Furuike Shou, Hossain Mohammad Delawar, Maki Yasushi, Adachi Kengo, Suzuki Toshiharu, Kohori Ayako, Itoh Hiroyasu, Yoshida Masasuke, Kinosita Kazuhiko
Department of Physics, Faculty of Science and Engineering, Waseda University, Shinjuku-ku, Tokyo 169-8555, Japan.
Science. 2008 Feb 15;319(5865):955-8. doi: 10.1126/science.1151343.

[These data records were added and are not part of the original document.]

Lemma ln_ge_7_5 (y : R) : 16%:R / 3%:R <= y -> 7%:R / 5%:R <= ln y.
Proof.
move=> y_ge; have y_gt0 : 0 < y by apply: lt_le_trans y_ge; rewrite divr_gt0.
rewrite -[X in X <= _]expRK ler_ln ?posrE ?expR_gt0 //; apply: le_trans y_ge.
rewrite expRM_natl; apply: le_trans (_ : (5%:R / 4%:R) ^+ 7 <= _).
  by rewrite lerXn2r ?nnegrE ?expR_ge0 ?divr_ge0 // expR_inv5_le.
rewrite !exprS expr0; lra.
Qed.

Lemma inv_sqrt2pi_le_sqrt_2ln (y : R) : 16%:R / 3%:R <= y ->
  (Num.sqrt (2 * pi))^-1 <= 328%:R / 1000%:R * Num.sqrt (2 * ln y).
Proof.
move=> /ln_ge_7_5 ln_ge; have pi_ge2 : 2 <= pi :> R := @pi_ge2 R.
have sqrt2pi_gt0 : 0 < Num.sqrt (2 * pi) :> R by rewrite sqrtr_gt0 mulr_gt0 ?pi_gt0.
rewrite -[_^-1]mul1r ler_pdivrMr // -(mulrA (328%:R / 1000%:R)) -sqrtrM; last lra.
have : (33%:R / 10%:R) ^+ 2 <= 2 * ln y * (2 * pi) by rewrite expr2; nra.
rewrite -ler_sqrt ?sqrtr_sqr; last by rewrite mulr_ge0 //; lra.
rewrite ger0_norm ?divr_ge0 //; nra.
Qed.

Lemma beta_arg_ge (N t : nat) (delta : R) : (0 < N)%N -> (1 <= t)%N -> 0 < delta < 1 ->
  16%:R / 3%:R <= 8 * N%:R * (pi ^+ 2 * t%:R ^+ 2 / 6) / delta.
Proof.
move=> N_gt0 t_ge1 /andP[delta_gt0 delta_lt1].
have pi_ge2 : 2 <= pi :> R := @pi_ge2 R.
have N_ge1R : 1 <= N%:R :> R by rewrite ler1n.
have t_ge1R : 1 <= t%:R :> R by rewrite ler1n.
have : 1 * (4 * 1) <= N%:R * (pi ^+ 2 * t%:R ^+ 2) :> R.
  by rewrite ler_pM // ?ler_pM // ?expr2; nra.
move=> Npt_ge; apply: le_trans (_ : _ <= 8 * N%:R * (pi ^+ 2 * t%:R ^+ 2 / 6)) _; first lra.
by rewrite ler_pdivlMr // ler_piMr ?ltW //; lra.
Qed.

End NumericBounds.

Theorem mainTheorem16 (R : realType) (d : nat) (r : R) (C : set 'rV[R]_d)
  (k : 'rV[R]_d -> 'rV[R]_d -> R) (f : 'rV[R]_d -> R) (L : R)
  (s2 : R) (t : nat) (xs : 'I_t.-1 -> 'rV[R]_d) (eps : 'I_t.-1 -> R)
  (ik : incumbent_kind) (Ct : seq 'rV[R]_d) (delta : R) :
  (1 <= d)%N -> 0 < r ->
  compact C -> (forall x, C x -> forall i, 0 <= x ord0 i <= r) ->
  psd_kernel k ->
  (forall x x', C x -> C x' -> k x x' <= 1) ->
  (forall x, C x -> k x x = 1) ->
  1 / (r * d%:R) <= L ->
  (forall x x', C x -> C x' -> `|f x - f x'| <= L * l1norm (x - x')) ->
  0 < s2 ->
  (1 <= t)%N ->
  (ik <> BPMI -> (2 <= t)%N) ->
  (forall i, C (xs i)) ->
  {subset Ct <= C} -> uniq Ct ->
  (size Ct)%:R = (L * r * d%:R * (t%:R) ^+ 2) ^+ d ->
  0 < delta < 1 ->
  let ys := fun i => f (xs i) + eps i in
  let mu := post_mean k s2 xs ys in
  let sd := post_sd k s2 xs in
  let xi := incumbent ik C mu xs ys in
  let pit := pi ^+ 2 * (t%:R) ^+ 2 / 6 in
  let beta := 2 * ln (8 * (size Ct)%:R * pit / delta) in
  (* the event E^f(t) *)
  (forall x, x \in Ct -> `|f x - mu x| <= Num.sqrt beta * sd x) ->
  forall x, x \in Ct ->
    `|improvement xi f x - expected_improvement xi mu sd x|
      <= (1328%:R / 1000%:R) * Num.sqrt beta * sd x.
Proof.
move=> _ _ _ _ psd_k _ kdiag _ _ s2_gt0 t_ge1 _ _ CtC _ _ delta01.
move=> ys mu sd xi pit beta Ef x xCt.
have sd_gt0 : 0 < sd x.
  by rewrite sqrtr_gt0 post_var_gt0 // kdiag ?ltr01 //; exact/set_mem/CtC.
have Ct_gt0 : (0 < size Ct)%N by case: (Ct) xCt.
apply: le_trans (improvement_sub_expected_improvement_le _ _ _ _ _ _ sd_gt0 (Ef x xCt)) _.
have -> : 1328%:R / 1000%:R * Num.sqrt beta * sd x
    = Num.sqrt beta * sd x + sd x * (328%:R / 1000%:R * Num.sqrt beta) by field.
rewrite lerD2l ler_pM2l //.
exact/inv_sqrt2pi_le_sqrt_2ln/beta_arg_ge.
Qed.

F1-adenosine triphosphatase (ATPase) is an ATP-driven rotary molecular motor in which the central gamma subunit rotates inside a cylinder made of three alpha and three beta subunits alternately arranged. The rotor shaft, an antiparallel alpha-helical coiled coil of the amino and carboxyl termini of the gamma subunit, deeply penetrates the central cavity of the stator cylinder. We truncated the shaft step by step until the remaining rotor head would be outside the cavity and simply sat on the concave entrance of the stator orifice. All truncation mutants rotated in the correct direction, implying torque generation, although the average rotary speeds were low and short mutants exhibited moments of irregular motion. Neither a fixed pivot nor a rigid axle was needed for rotation of F1-ATPase.
F1 - 腺苷三磷酸酶(ATP酶)是一种由ATP驱动的旋转分子马达,其中央γ亚基在由三个α亚基和三个β亚基交替排列组成的圆柱体内部旋转。转子轴是γ亚基氨基和羧基末端的反平行α - 螺旋卷曲螺旋,深深穿透定子圆柱体的中心腔。我们逐步截断轴,直到剩余的转子头部位于腔体外,仅位于定子孔的凹形入口上。所有截断突变体均沿正确方向旋转,这意味着产生了扭矩,尽管平均旋转速度较低,且短突变体表现出不规则运动的时刻。F1 - ATP酶的旋转既不需要固定的支点也不需要刚性轴。